By cl 6.2(e) (absent manifest error) the updated document is deemed to be the GCR with effect from the most recent Record Date and the Amount Owing is the amount set out in the GCR, as updated from time to time.

Clause 6.2(c) facilitates increases in the Amount Owing to reflect accrued interest, fees, costs and expenses payable under the Subject Finance Documents.

62    The appellant submitted that, as shown by the provisions summarised above, the regime established by the Override Deed was intended to operate flexibly in contemplation of the possibility of the Moly-Cop Entities being sold in more than one transaction.

Clause 3.2

63    In response to the Financiers submissions at first instance, which were largely accepted by the trial judge, the appellant focused particular attention on cl 3.2(d) and the use of the defined term Amount Owing in that clause.

64    The appellant argued that subcl 3.2(d)(i), and in particular the different drafting of the phrases the total Amount Owing in full and the total Amount Owing, supported the construction which it put to the trial judge at first instance. Specifically, that the subclause contemplated that the Amount Owing (as shown in the GCR) would vary from time to time and be updated accordingly. For instance, the Amount Owing in respect of each Financier might increase from time to time as interest and other charges on the Amount Owing accrued over time. Conversely, the Amount Owing in respect of a Financier might decrease as and when that Financier received distributions of proceeds from an Approved Transaction, like the Moly-Cop Transaction.
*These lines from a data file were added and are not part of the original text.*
(* Let $X\in[0,1]^{N\times N}$ satisfy $\|D^TX\|_0+\|XD\|_0\leq s$ for some $s<2N^2$. Let $Q_{2D}(X)$ be the two-dimensional first-order $\Sigma\Delta$ quantization of $X$ with an alphabet of step size $\delta$, whose state matrix $u$ satisfies $X-Q_{2D}(X)=DuD^T$ and $\|u\|_{\max}\leq\delta/2$. Let $\hat X$ be a solution to $$\min_{Z\in\mathbb{R}^{N\times N}}\|D^TZ\|_1+\|ZD\|_1\quad\text{subject to}\quad\|D^{-1}(Z-Q_{2D}(X))(D^{-1})^T\|_{\max}\leq\delta/2.$$ Then $\|\hat X-X\|_F\leq C\sqrt{s}\,\delta$ for some absolute constant $C$.
   Context: $D$ is the $N\times N$ matrix with $1$ on the diagonal, $-1$ on the subdiagonal, $0$ elsewhere. For matrices, $\|\cdot\|_1$ is the entrywise $\ell_1$ norm, $\|\cdot\|_0$ the number of nonzero entries, $\|\cdot\|_{\max}$ the largest absolute entry. The two-dimensional first-order $\Sigma\Delta$ quantization with a finite alphabet $\mathcal{A}$ (step size $\delta$): with $u_{i,0}=u_{0,j}=0$, for $i,j\geq1$ set $q_{i,j}=Q_{\mathcal{A}}(u_{i,j-1}+u_{i-1,j}-u_{i-1,j-1}+X_{i,j})$ and $u_{i,j}=u_{i,j-1}+u_{i-1,j}-u_{i-1,j-1}+X_{i,j}-q_{i,j}$, where $Q_{\mathcal{A}}(z)$ is a nearest element of $\mathcal{A}$ to $z$; then $Q_{2D}(X)=q$ and $X-q=DuD^T$. The alphabet is assumed such that the scheme is stable with $\|u\|_{\max}\leq\delta/2$. *)

From HB Require Import structures.
From mathcomp Require Import all_boot all_order all_algebra.
From mathcomp Require Import reals.
Set Implicit Arguments. Unset Strict Implicit. Unset Printing Implicit Defensive.
Import Order.TTheory GRing.Theory Num.Theory.
Local Open Scope ring_scope.

Section Defs.
Variable R : realType.

Definition Dmx (N : nat) : 'M[R]_N :=
  \matrix_(i, j) (if i == j :> nat then 1 else if i == (j.+1) :> nat then -1 else 0).

Definition mxl1 m n (A : 'M[R]_(m, n)) : R := \sum_i \sum_j `|A i j|.
Definition mxl0 m n (A : 'M[R]_(m, n)) : nat := #|[set ij : 'I_m * 'I_n | A ij.1 ij.2 != 0]|.
Definition mxmax m n (A : 'M[R]_(m, n)) : R := \big[Num.max/0]_i \big[Num.max/0]_j `|A i j|.
Definition mxfrob m n (A : 'M[R]_(m, n)) : R := Num.sqrt (\sum_i \sum_j (A i j) ^+ 2).

(* 1-indexed access to a matrix, 0 outside the index range *)
Definition mxfun N (A : 'M[R]_N) (i j : nat) : R :=
  match (insub i.-1 : option 'I_N), (insub j.-1 : option 'I_N) with
  | Some i', Some j' => A i' j'
  | _, _ => 0
  end.

(* state u_{i,j} of the 2D first-order Sigma-Delta scheme, 1-indexed,
   u_{i,0} = u_{0,j} = 0 *)
Fixpoint sd_u (Q : R -> R) (x : nat -> nat -> R) (i : nat) : nat -> R :=
  match i with
  | 0 => fun _ => 0
  | i'.+1 =>
      let prev := sd_u Q x i' in
      fix row (j : nat) : R :=
        match j with
        | 0 => 0
        | j'.+1 => let v := row j' + prev j - prev j' + x i j in v - Q v
        end
  end.

Definition sd_q (Q : R -> R) (x : nat -> nat -> R) (i j : nat) : R :=
  Q (sd_u Q x i j.-1 + sd_u Q x i.-1 j - sd_u Q x i.-1 j.-1 + x i j).

Definition Q2D N (Q : R -> R) (X : 'M[R]_N) : 'M[R]_N :=
  \matrix_(i, j) sd_q Q (mxfun X) i.+1 j.+1.

Definition SDstate N (Q : R -> R) (X : 'M[R]_N) : 'M[R]_N :=
  \matrix_(i, j) sd_u Q (mxfun X) i.+1 j.+1.

Definition alphabet (a0 delta : R) (L : nat) : seq R :=
  mkseq (fun k => a0 + k%:R * delta) L.

Definition nearest_quantizer (A : seq R) (Q : R -> R) : Prop :=
  forall z, Q z \in A /\ forall a, a \in A -> `|z - Q z| <= `|z - a|.
(* The poles [-u_j + i E_j] and [-u_j - i E_j] of the summand of [Dfull] get indices [2j] and [2j+1]. *)
Definition pole (p E : nat -> R) (q : nat) : C :=
  (- u p (Nat.div2 q), (if Nat.even q then 1 else -1) * E (Nat.div2 q))%R.

Definition bit_sign (b : bool) : R := if b then -1 else 1.

Lemma pole_bit p E l b : pole p E (2 * l + Nat.b2n b)%nat = (- u p l, bit_sign b * E l)%R.
Proof.
  unfold pole. destruct b; simpl Nat.b2n.
  - rewrite Nat.add_1_r, Nat.div2_succ_double, Nat.even_succ, Nat.odd_mul, Nat.odd_2. reflexivity.
  - rewrite Nat.add_0_r, Nat.div2_double, Nat.even_mul, Nat.even_2. reflexivity.
Qed.

Lemma pole_double p E l : pole p E (2 * l)%nat = (- u p l, E l)%R.
Proof.
  pose proof (pole_bit p E l false) as H. rewrite Nat.add_0_r in H. rewrite H.
  unfold bit_sign. f_equal. ring.
Qed.

Lemma pole_double_succ p E l : pole p E (2 * l + 1)%nat = (- u p l, - E l)%R.
Proof.
  change (2 * l + 1)%nat with (2 * l + Nat.b2n true)%nat. rewrite pole_bit.
  unfold bit_sign. f_equal. ring.
Qed.

Definition pair_sum (D A B : R) : C :=
  fold_right (fun s acc => Cplus (Cdiv (RtoC s)
      (Cminus (Cminus (Cmult Ci (RtoC D)) (RtoC A)) (RtoC (s * B)))) acc) (RtoC 0) [1; -1].

Lemma d_l_pair_sum I p E l :
  d_l I p E l = Cprod (filter_neq l (idx I)) (fun j => pair_sum (u p j - u p l) (E l) (E j)).
Proof. reflexivity. Qed.

Lemma pair_sum_product D A B : ((D, A - B)%R : C) <> RtoC 0 -> ((D, A + B)%R : C) <> RtoC 0 ->
  Cmult (RtoC (2 * B)) (Cmult (Cinv (D, A - B)%R) (Cinv (D, A + B)%R)) = Copp (pair_sum D A B).
Proof.
  intros H1 H2. unfold pair_sum. simpl fold_right.
  assert (E1 : Cminus (Cminus (Cmult Ci (RtoC D)) (RtoC A)) (RtoC (1 * B)) = Cmult Ci (D, A + B)%R)
    by (apply injective_projections; simpl; ring).
  assert (E2 : Cminus (Cminus (Cmult Ci (RtoC D)) (RtoC A)) (RtoC (-1 * B)) = Cmult Ci (D, A - B)%R)
    by (apply injective_projections; simpl; ring).
  rewrite E1, E2.
  assert (W1 : ((D, A + B)%R : C) = Cplus (RtoC D) (Cmult Ci (Cplus (RtoC A) (RtoC B))))
    by (apply injective_projections; simpl; ring).
  assert (W2 : ((D, A - B)%R : C) = Cplus (RtoC D) (Cmult Ci (Cminus (RtoC A) (RtoC B))))
    by (apply injective_projections; simpl; ring).
  rewrite W1, W2 in *. rewrite RtoC_mult.
  pose proof Ci_nz. field. auto.
Qed.

Section Residues.
Variables (I : nat) (p E : nat -> R).
Hypothesis HE : forall j, (1 <= j <= I)%nat -> 0 < E j.
Hypothesis HD : forall j l, (1 <= j <= I)%nat -> (1 <= l <= I)%nat -> j <> l ->
  forall s s' : R, (s = 1 \/ s = -1) -> (s' = 1 \/ s' = -1) ->
    Cplus (Cplus (Cmult Ci (RtoC (u p j - u p l))) (RtoC (s * E l))) (RtoC (s' * E j)) <> RtoC 0.

Lemma poles_injective : injective_on (pole p E) (doubled (idx I)).
Proof.
  intros q q' Hq Hq' Hne Heq.
  apply In_doubled in Hq as [j [b [Hj ->]]]. apply In_doubled in Hq' as [l [b' [Hl ->]]].
  rewrite !pole_bit in Heq. injection Heq as Hu Hs.
  apply In_idx in Hj, Hl. pose proof (HE j Hj). pose proof (HE l Hl).
  destruct (Nat.eq_dec j l) as [<-|Hjl].
  - destruct b, b'; unfold bit_sign in Hs; simpl in Hne; lra || lia.
  - apply (HD j l Hj Hl Hjl (- bit_sign b') (bit_sign b)).
    + destruct b'; unfold bit_sign; [left|right]; ring.
    + destruct b; unfold bit_sign; auto.
    + apply injective_projections; simpl; lra.
Qed.

Definition residue (q : nat) : C :=
  Cmult (Cprod (idx I) (fun j => RtoC (2 * E j))) (pf_coef (pole p E) (doubled (idx I)) q).

Lemma residue_diagonal_factor l b : 0 < E l ->
  Cmult (RtoC (2 * E l))
    (Cmult (if Nat.eqb (2 * l) (2 * l + Nat.b2n b) then RtoC 1
            else Cinv (Cminus (pole p E (2 * l + Nat.b2n b)) (pole p E (2 * l))))
           (if Nat.eqb (2 * l + 1) (2 * l + Nat.b2n b) then RtoC 1
            else Cinv (Cminus (pole p E (2 * l + Nat.b2n b)) (pole p E (2 * l + 1)))))
  = if b then Ci else Copp Ci.
Proof.
  intros HEl. destruct b; simpl Nat.b2n;
    [rewrite Nat.eqb_refl, (proj2 (Nat.eqb_neq _ _)) by lia
    |rewrite Nat.add_0_r, Nat.eqb_refl, (proj2 (Nat.eqb_neq _ _)) by lia];
    rewrite ?Nat.add_0_r, ?pole_double, ?pole_double_succ;
    apply injective_projections; simpl; field; nra.
Qed.

Lemma residue_offdiagonal_factor l j b : In l (idx I) -> In j (idx I) -> j <> l ->
  Cmult (RtoC (2 * E j))
    (Cmult (if Nat.eqb (2 * j) (2 * l + Nat.b2n b) then RtoC 1
            else Cinv (Cminus (pole p E (2 * l + Nat.b2n b)) (pole p E (2 * j))))
           (if Nat.eqb (2 * j + 1) (2 * l + Nat.b2n b) then RtoC 1
            else Cinv (Cminus (pole p E (2 * l + Nat.b2n b)) (pole p E (2 * j + 1)))))
  = Copp (pair_sum (u p j - u p l) (bit_sign b * E l) (E j)).
Proof.
  intros Hl Hj Hjl.
  assert (Hz : forall q, In q (doubled (idx I)) -> q <> (2 * l + Nat.b2n b)%nat ->
            Cminus (pole p E (2 * l + Nat.b2n b)) (pole p E q) <> RtoC 0).
  { intros q Hq Hne. apply Cminus_eq_contra, poles_injective; [|exact Hq|auto].
    apply In_doubled. exists l, b. auto. }
  assert (Hb : (Nat.b2n b <= 1)%nat) by (destruct b; simpl; lia).
  replace (Nat.eqb (2 * j) (2 * l + Nat.b2n b)) with false by (symmetry; apply Nat.eqb_neq; lia).
  replace (Nat.eqb (2 * j + 1) (2 * l + Nat.b2n b)) with false by (symmetry; apply Nat.eqb_neq; lia).
  pose proof (Hz (2 * j)%nat) as Hz0. pose proof (Hz (2 * j + 1)%nat) as Hz1.
  rewrite pole_bit, pole_double, pole_double_succ in *.
  replace (Cminus (- u p l, bit_sign b * E l)%R (- u p j, E j)%R)
    with ((u p j - u p l, bit_sign b * E l - E j)%R : C) in * by (apply injective_projections; simpl; ring).
  replace (Cminus (- u p l, bit_sign b * E l)%R (- u p j, - E j)%R)
    with ((u p j - u p l, bit_sign b * E l + E j)%R : C) in * by (apply injective_projections; simpl; ring).
  apply pair_sum_product.
  - apply Hz0; [apply In_doubled; exists j, false; split; [exact Hj|simpl; lia]|lia].
  - apply Hz1; [apply In_doubled; exists j, true; split; [exact Hj|simpl; lia]|lia].
Qed.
The appellant contrasted this with the Financiers interpretation of the same provision, which on the appellants submission, drew no meaningful distinction between the drafting of the phrases the total Amount Owing in full and the total Amount Owing.

65    The appellant further argued that its interpretation of the clause as a whole stood in contrast to that of the Financiers.

66    It was generally accepted by both the appellant and the Financiers that subcll 3.2(d)(ii) and (iii) served a reasonably obvious and clear purpose to preserve the effect of the Group Guarantees held by the Financiers. This was considered especially important in circumstances where, upon the receipt of any proceeds, those Group Guarantees might otherwise have been discharged by operation of law. This was based on the view that where an arrangement is reached with either a principal debtor or with a co-surety which has the effect of diminishing the obligation of that principal debtor or co-surety at law, that will typically release the guarantee.

67    However, the appellant sought to highlight the different views adopted by each party in respect of subcl 3.2(d)(i), as opposed to subcll (ii) and (iii) referred to above.

68    The appellant took the view that subcl 3.2(d)(i) served a purpose similar to its accompanying subclauses, that is, to ensure (with a belts and braces mentality) that the benefit of the Group Guarantees was preserved and not lost by operation of law. It was argued that drafting the entire clause with a clear and cohesive purpose would have made sense in the context.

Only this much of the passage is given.